Exercise prompt:
Search the records for the word "Require" and copy every line in which it occurs.

-------- Stored data

(* Let $p$ be prime, let $c_1,\dots,c_k$ be positive integers, and let $v\ge2$ be an integer coprime to $p$. There exist a collection of $v$-adic intervals $\{I_\ell\}_{\ell\ge1}$ in $[0,1)$ and positive integers $\alpha_\ell$ such that: (1) for each $i\in\{1,\dots,k\}$, letting $J^i_\ell$ be the smallest $pc_i$-adic interval containing $I_\ell$, the intervals $\{J^i_\ell\}_{\ell\ge1}$ are pairwise disjoint and contained in $[0,1)$; in particular the $I_\ell$ are pairwise disjoint; (2) for each $\alpha\in\mathbb{N}$ there are only finitely many $\ell$ with $\alpha_\ell=\alpha$; (3) for each $\ell\ge1$ and each $i$, there is a point $\zeta(J^i_\ell)$ which is an interior endpoint of some $pc_i$-adic child of $J^i_\ell$ such that $$0<\zeta(J^i_\ell)-Z(I_\ell)\le v^{-100\alpha_\ell}|I_\ell|.$$
   Context: For a positive integer $N$, the $N$-adic intervals are $[\frac{k-1}{N^s},\frac{k}{N^s})$, $s,k\in\mathbb{Z}$, with $N$-adic children the $N$ equal-length subintervals $[\frac{k-1}{N^s}+\frac{j-1}{N^{s+1}},\frac{k-1}{N^s}+\frac{j}{N^{s+1}})$, $1\le j\le N$. For a $v$-adic interval $I=[\frac{k-1}{v^s},\frac{k}{v^s})$, $Z(I)=\frac{k-1}{v^s}+\frac{v-1}{v^{s+1}}$ is the left endpoint of its last $v$-adic child. An interior endpoint of a child of $J$ is an endpoint of that child lying in the interior of $J$. $|I|$ is the length of $I$. *)

(* Intervals [a,b) with rational endpoints, represented by
   their endpoint pair (a, b). All N-adic intervals have rational endpoints. *)
From mathcomp Require Import all_boot all_order all_algebra.
Set Implicit Arguments. Unset Strict Implicit. Unset Printing Implicit Defensive.
Import Order.TTheory GRing.Theory Num.Theory.
Local Open Scope ring_scope.

Definition itv := (rat * rat)%type.

Definition mem_itv (I : itv) (x : rat) : Prop := I.1 <= x /\ x < I.2.

Definition sub_itv (I J : itv) : Prop := forall x, mem_itv I x -> mem_itv J x.

Definition disj_itv (I J : itv) : Prop := forall x, ~ (mem_itv I x /\ mem_itv J x).

Definition len (I : itv) : rat := I.2 - I.1.

Definition is_adic (N : nat) (I : itv) : Prop :=
  exists (s k : int),
    I.1 = (k - 1)%:~R / (N%:R ^ s) /\ I.2 = k%:~R / (N%:R ^ s).

Definition child (N : nat) (J : itv) (j : nat) : itv :=
  (J.1 + (j.-1)%:R / N%:R * len J, J.1 + j%:R / N%:R * len J).

Definition interior_child_endpoint (N : nat) (J : itv) (x : rat) : Prop :=
  exists j : nat, (1 <= j <= N)%N /\
    (x = (child N J j).1 \/ x = (child N J j).2) /\ J.1 < x /\ x < J.2.

Definition smallest_adic (N : nat) (I J : itv) : Prop :=
  is_adic N J /\ sub_itv I J /\
  forall J', is_adic N J' -> sub_itv I J' -> sub_itv J J'.

(* Z(I): left endpoint of the last v-adic child of the v-adic interval I,
   i.e. (k-1)/v^s + (v-1)/v^(s+1) = I.1 + (v-1)/v * |I| *)
Definition Zpt (v : nat) (I : itv) : rat := I.1 + (v.-1)%:R / v%:R * len I.

Definition unit_itv : itv := (0, 1).

From mathcomp Require Import all_boot all_order all_algebra.
From mathcomp Require Import cyclic.
From mathcomp Require Import ring lra zify.

(** Take centers x_l = j / p^(L_l) with j = 1 mod v and prime to p, and exponents
    L_l divisible by totient v and growing fast, so that p^(L_l) = 1 mod v and the
    x_l decrease geometrically. For s + 1 a multiple of totient (p^(L_l)) we have
    v^(s+1) = 1 mod p^(L_l), and this produces a v-adic interval I_l of level s
    with x_l - Z(I_l) = j / (p^(L_l) v^(s+1)): positive, and tiny compared with
    |I_l| = v^-s. For N = p c_i, x_l has a finite N-adic expansion; if its last
    digit sits at level t, then x_l is an interior endpoint of a child of the
    N-adic interval J of level t - 1 around it, at distance at least N^-t from
    the boundary of J. Taking s so large that |I_l| <= N^-t puts I_l inside J,
    and J is then the smallest N-adic interval containing I_l. All these
    intervals lie in [3 x_l / 4, 5 x_l / 4), and these windows are disjoint. *)

Lemma expn_totientM_mod (a n m : nat) : coprime a n -> 1 < n ->
  a ^ (totient n * m) %% n = 1.
Proof.
move=> can n1.
by rewrite expnM -modnXm Euler_exp_totient // modnXm exp1n modn_small.
Qed.

Lemma Zpt_index_eq {v P K j s : nat} : 1 < v -> P %% v = 1 -> j %% v = 1 ->
  P * K + 1 = v ^ s.+1 -> v * ((j * K).+1 %/ v).-1 + v.-1 = j * K.
Proof.
move=> v1 Pv jv PK.
have vK : v %| K + 1.
  have : v %| P * K + 1 by rewrite PK expnS dvdn_mulr.
  by rewrite /dvdn -modnDml -modnMml Pv mul1n modnDml.
have /dvdnP [q Eq] : v %| (j * K).+1.
  by rewrite /dvdn -addn1 -modnDml -modnMml jv mul1n modnDml.
case: q Eq => // q Eq; rewrite Eq mulnK; last lia.
by move: Eq; rewrite mulSn mulnC; lia.
Qed.

Lemma not_dvdn_exact_level (P N j t : nat) : 0 < N ->
  coprime P j -> P %| N ^ t -> (forall t', P %| N ^ t' -> t <= t') -> 0 < t ->
  ~~ (N %| j * (N ^ t %/ P)).
Proof.
move=> N0 cPj Pt tmin t0; apply/negP => /dvdnP [y Ey].
have : P %| j * N ^ t.-1.
  have e : j * N ^ t.-1 * N = y * P * N.
    rewrite -mulnA -expnSr prednK // -(divnK Pt) mulnA Ey; ring.
  by apply/dvdnP; exists y; apply/eqP; rewrite -(eqn_pmul2r N0) e.
by rewrite Gauss_dvdr // => /tmin; lia.
Qed.

Lemma modn_range (N W : nat) : 0 < N -> ~~ (N %| W) -> 0 < W %% N < N.
Proof. by move=> N0 NW; rewrite ltn_pmod // andbT lt0n. Qed.
(* If $F$ is a balanced wiring, then $\mathrm{Comp}(F)$ is a separating space for $F$: (i) for every $\mathbf u\in\mathrm{Comp}(F)$, $F\mathbf u\subseteq\mathrm{Comp}(F)$; and (ii) for every $n$, if $F^n\mathbf u=0$ for all $\mathbf u\in\mathrm{Comp}(F)$ then $F^n=0$.
   Context: Terms: first-order terms built from an infinite set of variables, a binary function symbol $\bullet$ written infix, infinitely many constant symbols including a distinguished constant $\star$, and for each $n\ge1$ at least one $n$-ary function symbol. $\mathrm{var}(t)$ is the set of variables of $t$; $t$ is closed if $\mathrm{var}(t)=\emptyset$. The height $h(t)$ is the maximal distance from the root to a node in the tree of $t$; the height of an occurrence of a variable in $t$ is its distance from the root. A flow is a pair of terms written $t\leftarrow u$ with $\mathrm{var}(t)\subseteq\mathrm{var}(u)$, considered up to renaming. A fact is a flow $t\leftarrow\star$ (so $t$ is closed). The product of flows $u\leftarrow v$ and $t\leftarrow w$ (representatives chosen with disjoint variable sets) is defined iff $v$ and $t$ are unifiable, and then equals $u\theta\leftarrow w\theta$ with $\theta$ a most general unifier of $v,t$. A wiring is a finite set of flows, written as a formal sum, with $0$ the empty wiring; product $FG=\{fg: f\in F,g\in G, fg\text{ defined}\}$, $F^n$ the $n$-fold product. For a fact $\mathbf u$, $F\mathbf u$ denotes $F\{\mathbf u\}$ (a set of facts). A flow $t\leftarrow u$ is balanced if for every variable $x$, all occurrences of $x$ in $t$ and in $u$ have the same height; a wiring is balanced if all its flows are. The height of a flow $t\leftarrow u$ is $\max\{h(t),h(u)\}$; the height $h(F)$ of a wiring is the maximal height of its flows. For a balanced wiring $F$, its computation space $\mathrm{Comp}(F)$ is the set of facts $t\leftarrow\star$ with $h(t)\le h(F)$ and $t$ built using only symbols occurring in $F$ and the constant $\star$. A separating space for a wiring $F$ is a set of facts $\mathbf S$ such that $F\mathbf u\subseteq\mathbf S$ for all $\mathbf u\in\mathbf S$, and such that, for every $n$, $F^n\mathbf u=0$ for all $\mathbf u\in\mathbf S$ implies $F^n=0$. *)

From Stdlib Require Import Arith List.
Import ListNotations.

(* This provides
   infinitely many constants (arity 0), including the distinguished star
   (name 0, arity 0), the binary symbol "bullet" (name 0, arity 2), and
   infinitely many symbols of every arity n >= 1. *)
Record symb : Type := Symb { sname : nat; sarity : nat }.

Definition star_sym : symb := Symb 0 0.
Definition dot_sym : symb := Symb 0 2.

Inductive term : Type :=
| Var : nat -> term
| Fn : symb -> list term -> term.

Definition Star : term := Fn star_sym [].
Definition Dot (a b : term) : term := Fn dot_sym [a; b].

Fixpoint wf (t : term) : Prop :=
  match t with
  | Var _ => True
  | Fn f args =>
      length args = sarity f /\
      (fix wfl (l : list term) : Prop :=
         match l with [] => True | a :: l' => wf a /\ wfl l' end) args
  end.

Fixpoint vars (t : term) : list nat :=
  match t with
  | Var x => [x]
  | Fn _ args => flat_map vars args
  end.

Definition closed (t : term) : Prop := vars t = [].

Fixpoint syms (t : term) : list symb :=
  match t with
  | Var _ => []
  | Fn f args => f :: flat_map syms args
  end.

Fixpoint height (t : term) : nat :=
  match t with
  | Var _ => 0
  | Fn _ args => fold_right (fun a m => Nat.max (S (height a)) m) 0 args
  end.

Fixpoint occ (d : nat) (t : term) : list (nat * nat) :=
  match t with
  | Var x => [(x, d)]
  | Fn _ args => flat_map (occ (S d)) args
  end.

Fixpoint subst (s : nat -> term) (t : term) : term :=
  match t with
  | Var x => s x
  | Fn f args => Fn f (map (subst s) args)
  end.

Definition unifier (th : nat -> term) (a b : term) : Prop :=
  subst th a = subst th b.

Definition mgu (th : nat -> term) (a b : term) : Prop :=
  unifier th a b /\
  forall sg, unifier sg a b ->
    exists rho, forall x, sg x = subst rho (th x).

(* A flow  t <- u  is represented by the pair (t, u). *)
Definition flow : Type := (term * term)%type.

Definition is_flow (f : flow) : Prop :=
  wf (fst f) /\ wf (snd f) /\ incl (vars (fst f)) (vars (snd f)).

Definition flow_vars (f : flow) : list nat := vars (fst f) ++ vars (snd f).

(* Flows are considered up to renaming of variables. *)
Definition rename (p : nat -> nat) (f : flow) : flow :=
  (subst (fun x => Var (p x)) (fst f), subst (fun x => Var (p x)) (snd f)).

Definition flow_equiv (f g : flow) : Prop :=
  exists p : nat -> nat, (forall x y, p x = p y -> x = y) /\ g = rename p f.

(* r is (a representative of) the product f g, which is defined iff
   such an r exists: (u <- v)(t <- w) = u th <- w th, th an mgu of v, t,
   representatives chosen with disjoint variables. *)
Definition product (f g r : flow) : Prop :=
  exists f' g' th,
    flow_equiv f f' /\ flow_equiv g g' /\
    (forall x, In x (flow_vars f') -> ~ In x (flow_vars g')) /\
    mgu th (snd f') (fst g') /\
    flow_equiv (subst th (fst f'), subst th (snd g')) r.

(* A wiring: a finite set of flows, given by a list. *)
Definition wiring : Type := list flow.

Definition is_wiring (F : wiring) : Prop := forall f, In f F -> is_flow f.

Definition in_wiring (F : wiring) (g : flow) : Prop :=
  exists f, In f F /\ flow_equiv f g.

Definition id_flow : flow := (Var 0, Var 0).

Fixpoint in_pow (F : wiring) (n : nat) (g : flow) : Prop :=
  match n with
  | 0 => flow_equiv id_flow g
  | S m => exists f h, in_wiring F f /\ in_pow F m h /\ product f h g
  end.

Definition fact_of (t : term) : flow := (t, Star).

Definition in_app (F : wiring) (u : term) (r : flow) : Prop :=
  exists f, in_wiring F f /\ product f (fact_of u) r.
(* Let $\mathbf{F}\in\{\mathbf{R},\mathbf{C}\}$, $x_*\in\mathbf{F}^d$, and let $A_1,\dots,A_n\in\mathbf{H}_d$ be positive semidefinite, with exact measurements $y=\mathcal{A}(x_*x_*^* )$. For an integer $p\ge1$ consider $$\min_{X\in\mathbf{F}^{d\times p}} f_p(X),\qquad f_p(X)=\|y-\mathcal{A}(XX^* )\|^2 .$$ Suppose that for some constants $\alpha,\beta,L\ge0$, for all $X\in\mathbf{F}^{d\times p}$, $$\tfrac1n\|\mathcal{A}(XX^*-x_*x_*^* )\|^2\ge\alpha\|XX^*-x_*x_*^*\|_F^2+\beta(\|X\|_F^2-\|x_*\|^2)^2,$$ and $$\tfrac1n\mathcal{A}^*\mathcal{A}(x_*x_*^* )\preceq L\|x_*\|^2 I_d .$$ If $(p+2)\left(1+\frac{\beta}{p\beta+\alpha}\right)\alpha>2L$, then every second-order critical point $X$ of $f_p$ satisfies $XX^*=x_*x_*^*$.
   Context: $\mathbf{H}_d$ denotes the set of $d\times d$ Hermitian matrices over $\mathbf{F}$ with the (real) Frobenius inner product $\langle A,B\rangle=\operatorname{Re}\operatorname{tr}(A^*B)$. $\mathcal{A}:\mathbf{H}_d\to\mathbf{R}^n$ is $\mathcal{A}(S)=(\langle A_1,S\rangle,\dots,\langle A_n,S\rangle)$, with adjoint $\mathcal{A}^*(z)=\sum_iz_iA_i$. $\preceq$ is the positive semidefinite order. A second-order critical point is a point where the gradient is zero and the Hessian quadratic form is positive semidefinite; in the complex case the objective is regarded as a function of the real and imaginary parts of $X$. *)

From mathcomp Require Import all_boot all_order all_algebra.
From mathcomp Require Import complex.
From mathcomp Require Import all_classical all_reals all_analysis.
Set Implicit Arguments. Unset Strict Implicit. Unset Printing Implicit Defensive.
Import Order.TTheory GRing.Theory Num.Theory.
Local Open Scope ring_scope.
Local Open Scope complex_scope.

(* The ground field F is encoded inside C = R[i]:
   cplx = true  : F = C,
   cplx = false : F = R, i.e. the elements of C with zero imaginary part.    *)
Definition inF (R : realType) (cplx : bool) (z : R[i]) : bool :=
  cplx || (complex.Im z == 0).

Definition mxF (R : realType) (cplx : bool) m n (M : 'M[R[i]]_(m, n)) : bool :=
  [forall i, forall j, inF cplx (M i j)].

Definition adj (R : realType) m n (M : 'M[R[i]]_(m, n)) : 'M[R[i]]_(n, m) :=
  (map_mx Num.conj M)^T.

Definition hermF (R : realType) (cplx : bool) d (A : 'M[R[i]]_d) : Prop :=
  mxF cplx A /\ adj A = A.

Definition psdF (R : realType) (cplx : bool) d (A : 'M[R[i]]_d) : Prop :=
  hermF cplx A /\
  forall v : 'cV[R[i]]_d, mxF cplx v -> 0 <= (adj v *m A *m v) 0 0.

Definition frob (R : realType) m n (A B : 'M[R[i]]_(m, n)) : R :=
  complex.Re (\tr (adj A *m B)).

Definition fro2 (R : realType) m n (M : 'M[R[i]]_(m, n)) : R := frob M M.

Definition meas (R : realType) n d (As : 'I_n -> 'M[R[i]]_d) (S : 'M[R[i]]_d)
  : 'I_n -> R := fun k => frob (As k) S.

Definition meas_adj (R : realType) n d (As : 'I_n -> 'M[R[i]]_d) (z : 'I_n -> R)
  : 'M[R[i]]_d := \sum_(k < n) (z k)%:C *: As k.

Definition nrm2 (R : realType) n (z : 'I_n -> R) : R := \sum_(k < n) z k ^+ 2.

Definition fobj (R : realType) n d p (As : 'I_n -> 'M[R[i]]_d) (y : 'I_n -> R)
  (X : 'M[R[i]]_(d, p)) : R :=
  nrm2 (fun k => y k - meas As (X *m adj X) k).

(* second-order critical point of f : F^{d x p} -> R, f viewed as a function
   of the real and imaginary parts of X (resp. of X itself if F = R):
   along every real line t |-> X + t U (U in F^{d x p}) the function is
   differentiable at 0 with zero derivative (gradient = 0) and its second
   derivative at 0 (the Hessian quadratic form at U) is nonnegative. *)
Definition second_order_critical (R : realType) (cplx : bool) d p
  (f : 'M[R[i]]_(d, p) -> R) (X : 'M[R[i]]_(d, p)) : Prop :=
  mxF cplx X /\
  forall U : 'M[R[i]]_(d, p), mxF cplx U ->
    let g := fun t : R => f (X + t%:C *: U) in
    [/\ derivable g 0 1, derive1 g 0 = 0,
        derivable (derive1 g) 0 1 & 0 <= derive1 (derive1 g) 0].
(* [ex a(w) -> a(w, c)] for the witness [c = Witness a w]. *)
Definition henkin_axiom (t : exformula) : formula :=
  let: existT n (a, w) := t in
  fNot (fAnd (Formula (ex a) w) (fNot (Formula a (ext w (Witness a w))))).

Lemma henkin_axiom_consistent t G : (forall j, args G j <> witness t) ->
  ~ refuted G -> ~ refuted (fAnd (henkin_axiom t) G).
Proof.
case: t => n [a w] /= fresh_G consG; set c := Witness a w in fresh_G *.
pose u := cat_fun (args G) w.
have fresh_u i : u i <> c.
  by apply: (cat_funP (P := fun v => v <> c)) => // j; exact: witness_neq_arg.
have u_cyl j : u j = ext u c (cyl j) by rewrite ext_cyl.
have Gg := presents_catl w (presents_self G).
have Ee := presents_catr (args G) (presents_self (Formula (ex a) w)).
have Ss : presents (Formula a (ext w c)) (ext u c) (sub (lift_last (@rshift (arity G) n)) a).
  exists (lift_last (@rshift _ n)); split => // j /=.
  case: (cyl_or_max j) => [->|[j' ->]]; first by rewrite lift_last_max !ext_max.
  by rewrite lift_last_cyl !ext_cyl /u cat_fun_rshift.
set g := sub _ (body G) in Gg; set e := sub _ (ex a) in Ee; set s := sub _ a in Ss.
have Hh := presents_not (presents_and (presents_sub u_cyl Ee) (presents_not Ss)).
move/(refuted_presents (presents_and Hh (presents_sub u_cyl Gg))) => H0.
apply: consG; rewrite (refuted_presents Gg).
have gne0 : collapse u (meet g (neg e)) = zero _.
  rewrite -(collapse_sub_eq0 _ u_cyl) subM subN; apply: le0_eq; rewrite -H0; apply: sub_le.
  by rewrite meetC; apply: meet_mono; [apply: neg_anti; exact: meet_lel | exact: le_refl].
have eg0 : collapse u (meet e g) = zero _.
  have : collapse (ext u c) (meet s (sub (@cyl _) g)) = zero _.
    apply: le0_eq; rewrite -H0; apply: sub_le; apply: meet_mono; last exact: le_refl.
    by apply: disj_le_neg; rewrite meetC -meetA (meetC (neg s)) meetN meetC meet0.
  by move/(collapse_fresh_eq0 fresh_u); rewrite A9 /s ex_sub.
apply: (zero_split (y := collapse u e)); first by rewrite -collapse_meet meetC.
by rewrite -collapse_neg -collapse_meet.
Qed.

Definition henkin_conj (l : seq exformula) : formula :=
  foldr (fun t F => fAnd (henkin_axiom t) F) fTrue l.

Lemma henkin_conj_In l t : List.In t l -> entails (henkin_conj l) (henkin_axiom t).
Proof.
elim: l => //= t' l IH [<-|tl]; first exact: entails_fAndl.
exact: entails_trans (entails_fAndr _ _) (IH tl).
Qed.

Lemma henkin_conj_incl l1 l2 : (forall t, List.In t l1 -> List.In t l2) ->
  entails (henkin_conj l2) (henkin_conj l1).
Proof.
elim: l1 => [|t l1 IH] l12 /=; first exact: entails_fTrue.
apply: entails_fAnd; first by apply: henkin_conj_In; apply: l12; left.
by apply: IH => t' t'l; apply: l12; right.
Qed.

Lemma henkin_conj_app l1 l2 :
  entails (henkin_conj (l1 ++ l2)) (fAnd (henkin_conj l1) (henkin_conj l2)).
Proof.
by apply: entails_fAnd; apply: henkin_conj_incl => t tl; apply: List.in_or_app; [left | right].
Qed.

Lemma henkin_conj_args l j : exists2 t, List.In t l &
  args (henkin_conj l) j = witness t \/ height (args (henkin_conj l) j) < height (witness t).
Proof.
elim: l j => [[]//|t l IH] j.
apply: (cat_funP (P := fun v => exists2 t', t = t' \/ List.In t' l &
   v = witness t' \/ height v < height (witness t'))); last first.
  by move=> i; case: (IH i) => t' t'l hi; exists t' => //; right.
move=> {}j; exists t; first by left.
case: t j => n [a w] j /=.
apply: (cat_funP (P := fun v => v = Witness a w \/ height v < height (Witness a w))).
  by move=> i; right; apply: height_arg.
by move=> i; rewrite /ext; case: (unlift ord_max i) => [i'|]; [right; apply: height_arg | left].
Qed.

(* The Henkin axioms are added by decreasing height of their witnesses, so
   that each new witness is fresh for the axioms already present. *)
Lemma henkin_conj_consistent l : ~ refuted (henkin_conj l).
Proof.
elim: {l}(length l).+1 {-2}l (ltnSn (length l)) => // k IH [|t0 l0] lt_k.
  by rewrite /refuted /= collapse_one; exact: nondeg.
have [t [tl tmax]] := exists_maximizer (fun t => height (witness t)) t0 l0.
pose neq_t t' := ~~ `[< t' = t >].
pose rest := List.filter neq_t (t0 :: l0).
have rest_lt : length rest < k.
  apply: leq_trans (length_filter_lt tl _) _; last by rewrite -ltnS.
  by rewrite /neq_t; apply/negPn/asboolP.
have fresh j : args (henkin_conj rest) j <> witness t.
  case: (henkin_conj_args j) => t' /List.filter_In [t'l /negP neq_t't] [->|lt_t'] e.
    by apply: neq_t't; apply/asboolP; exact: witness_inj e.
  by move: (leq_trans lt_t' (tmax _ t'l)); rewrite e ltnn.
move=> ref; apply: (henkin_axiom_consistent fresh (IH _ rest_lt)).
apply: refuted_entails ref; apply: (@henkin_conj_incl (t0 :: l0) (t :: rest)) => t' t'l.
case: (pselect (t' = t)) => [->|neq_t't]; [left | right] => //.
by apply/List.filter_In; split=> //; apply/negP => /asboolP.
Qed.

Definition henkin_theorem F := exists l, entails (henkin_conj l) F.

Record henkin_filter (S : formula -> Prop) : Prop := HenkinFilter {
  hfilter_up : forall F G, S F -> entails F G -> S G;
  hfilter_and : forall F G, S F -> S G -> S (fAnd F G);
  hfilter_consistent : forall F, S F -> ~ refuted F;
  hfilter_theorem : forall F, henkin_theorem F -> S F }.

Lemma henkin_theorem_true : henkin_theorem fTrue.
Proof. by exists [::]; exact: entails_refl. Qed.

Lemma henkin_theorem_filter : henkin_filter henkin_theorem.
Proof.
split=> //.
- by move=> F G [l lF] FG; exists l; exact: entails_trans lF FG.
- move=> F G [l1 l1F] [l2 l2G]; exists (l1 ++ l2).
  apply: entails_trans (henkin_conj_app l1 l2) _; apply: entails_fAnd.
    exact: entails_trans (entails_fAndl _ _) l1F.
  exact: entails_trans (entails_fAndr _ _) l2G.
- by move=> F [l lF] refF; apply: (@henkin_conj_consistent l); exact: refuted_entails lF refF.
Qed.

Lemma henkin_filter_theorems_union S :
  henkin_filter S -> henkin_filter (fun X => henkin_theorem X \/ S X).
Proof.
case=> up and cons thm; split; last by left.
- by move=> F G [/thm|] SF FG; right; exact: up FG.
- by move=> F G [/thm|] SF [/thm|] SG; right; exact: and.
- by move=> F [/thm|]; exact: cons.
Qed.

Lemma henkin_filter_chain (Fs : (formula -> Prop) -> Prop) :
  (forall S, Fs S -> henkin_filter (fun X => henkin_theorem X \/ S X)) ->
  (forall S S', Fs S -> Fs S' -> (forall t, S t -> S' t) \/ (forall t, S' t -> S t)) ->
  henkin_filter (fun X => henkin_theorem X \/ exists2 S, Fs S & S X).
Proof.
move=> FsP Fs_total; have [up0 and0 cons0 _] := henkin_theorem_filter.
have lift S X : Fs S -> henkin_theorem X \/ S X -> henkin_theorem X \/ exists2 S, Fs S & S X.
  by move=> FsS [|SX]; [left | right; exists S].
split; last by left.
- move=> F G [thF|[S FsS SF]] FG; first by left; exact: up0 FG.
  exact: lift _ _ FsS (hfilter_up (FsP _ FsS) (or_intror SF) FG).
- move=> F G [thF|[S FsS SF]] [thG|[S' FsS' S'G]]; first by left; exact: and0.
  + exact: lift _ _ FsS' (hfilter_and (FsP _ FsS') (or_introl thF) (or_intror S'G)).
  + exact: lift _ _ FsS (hfilter_and (FsP _ FsS) (or_intror SF) (or_introl thG)).
  + case: (Fs_total _ _ FsS FsS') => [SS'|S'S].
      exact: lift _ _ FsS' (hfilter_and (FsP _ FsS') (or_intror (SS' _ SF)) (or_intror S'G)).
    exact: lift _ _ FsS (hfilter_and (FsP _ FsS) (or_intror SF) (or_intror (S'S _ S'G))).
- by move=> F [/cons0|[S FsS SF]] //; apply: (hfilter_consistent (FsP S FsS)); right.
Qed.

Lemma henkin_filter_adjoin M F : henkin_filter M ->
  (forall G, M G -> ~ refuted (fAnd G F)) ->
  henkin_filter (fun X => exists2 G, M G & entails (fAnd G F) X).
Proof.
case=> up and cons thm consF; split.
- by move=> X Y [G MG GX] XY; exists G => //; exact: entails_trans GX XY.
- move=> X Y [G MG GX] [G' MG' G'Y]; exists (fAnd G G'); first exact: and.
  apply: entails_fAnd.
    apply: entails_trans GX; apply: entails_fAnd; last exact: entails_fAndr.
    exact: entails_trans (entails_fAndl _ _) (entails_fAndl _ _).
  apply: entails_trans G'Y; apply: entails_fAnd; last exact: entails_fAndr.
  exact: entails_trans (entails_fAndl _ _) (entails_fAndr _ _).
- by move=> X [G MG GX] refX; apply: (consF G MG); exact: refuted_entails GX refX.
- by move=> X thX; exists X; [exact: thm | exact: entails_fAndl].
Qed.

Lemma exists_complete_henkin_filter :
  exists2 M, henkin_filter M & forall F, M F \/ M (fNot F).
Proof.
have [A [PA Amax]] := Zorn_subsets henkin_filter_chain.
pose M X := henkin_theorem X \/ A X.
have [up and cons thm] : henkin_filter M := PA.
have refuter F : ~ M F -> exists2 G, M G & refuted (fAnd G F).
  move=> MF; apply: contrapT => no_ref.
  pose B X := exists2 G, M G & entails (fAnd G F) X.
  have BP : henkin_filter B.
    by apply: henkin_filter_adjoin PA _ => G MG ref; apply: no_ref; exists G.
  apply: (Amax B _ _ (henkin_filter_theorems_union BP)).
    by move=> X AX; exists X; [right | exact: entails_fAndl].
  move=> BA; apply: MF; right; apply: BA; exists fTrue; last exact: entails_fAndr.
  by left; exact: henkin_theorem_true.
exists M => // F; apply: contrapT => neither.
have [G MG GF] := refuter F (fun MF => neither (or_introl MF)).
have [G' MG' G'F] := refuter (fNot F) (fun MF => neither (or_intror MF)).
by apply: (cons _ (and _ _ MG MG')); exact: refuted_cut GF G'F.
Qed.

Section TermModel.
Variable M : formula -> Prop.
Hypotheses (M_filter : henkin_filter M) (M_complete : forall F, M F \/ M (fNot F)).

Definition holds n (a : car L n) (w : 'I_n -> term) : Prop := M (Formula a w).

----------------

Problem solution:
From mathcomp Require Import all_boot all_order all_algebra.
From mathcomp Require Import all_boot all_order all_algebra.
From mathcomp Require Import cyclic.
From mathcomp Require Import ring lra zify.
From Stdlib Require Import Arith List.
From mathcomp Require Import all_boot all_order all_algebra.
From mathcomp Require Import complex.
From mathcomp Require Import all_classical all_reals all_analysis.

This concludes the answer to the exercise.